Material for this exercise START

(* Let $b\in\mathbb R$, $\omega>0$, $\mathcal B>0$, $t\ge0$, and let $\varphi(t,x,y,\eta)$ be the phase function described in the context. Then the set of solutions $(x,y,\eta)$ (with $y\ne0$, $y\wedge\eta\ne b$) of the equation $\varphi_\eta(t,x,y,\eta)=0$ is contained in the set $$\Big\{(x,y,\eta):\ x\wedge y=-\frac{\sin(\omega t)}{\omega}\,(y\wedge\eta-b)\Big\}.$$
   Context: $A(x)=\big(-b\,x_2/|x|^2,\ b\,x_1/|x|^2\big)$ for $x\ne0$; $u\wedge v=u_1v_2-u_2v_1$. The Hamiltonian is $h(x,\xi)=\frac12|\xi-A(x)|^2+\frac{\omega^2}{2}|x|^2$; for $y\ne0$, $y\wedge\eta\neq b$, $(x^t,\xi^t)=(x^t(y,\eta),\xi^t(y,\eta))$ solves $\dot x^t=\xi^t-A(x^t)$, $\dot\xi^t=-h_x(x^t,\xi^t)$, $x^0=y$, $\xi^0=\eta$. The action is $S(t,y,\eta)=\int_0^t\big(h_\xi(x^s,\xi^s)\cdot\xi^s-h(x^s,\xi^s)\big)ds$, and $\varphi(t,x,y,\eta)=S(t,y,\eta)+(x-x^t)\cdot\xi^t+i\mathcal B|x-x^t|^2/2$. $\varphi_\eta$ is the gradient in $\eta$. *)

From Stdlib Require Import Reals.
From Coquelicot Require Import Coquelicot.
Open Scope R_scope.

Definition wedge (u v : R * R) : R := fst u * snd v - snd u * fst v.
Definition dot (u v : R * R) : R := fst u * fst v + snd u * snd v.
Definition nrm2 (u : R * R) : R := dot u u.

Definition Apot (b : R) (x : R * R) : R * R :=
  (- b * snd x / nrm2 x, b * fst x / nrm2 x).

Definition vsub (u v : R * R) : R * R := (fst u - fst v, snd u - snd v).

Definition ham (b w : R) (x xi : R * R) : R :=
  nrm2 (vsub xi (Apot b x)) / 2 + w ^ 2 * nrm2 x / 2.

(* partial derivatives, written literally as derivatives of h in each
   coordinate; h is smooth on x <> 0, where these are the true partials *)
Definition ham_x (b w : R) (x xi : R * R) : R * R :=
  (Derive (fun u => ham b w (u, snd x) xi) (fst x),
   Derive (fun u => ham b w (fst x, u) xi) (snd x)).
Definition ham_xi (b w : R) (x xi : R * R) : R * R :=
  (Derive (fun u => ham b w x (u, snd xi)) (fst xi),
   Derive (fun u => ham b w x (fst xi, u)) (snd xi)).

Material for this exercise END

Activity
How many lines of the data include the word "From"? Reply with the number and nothing else.

Answer
2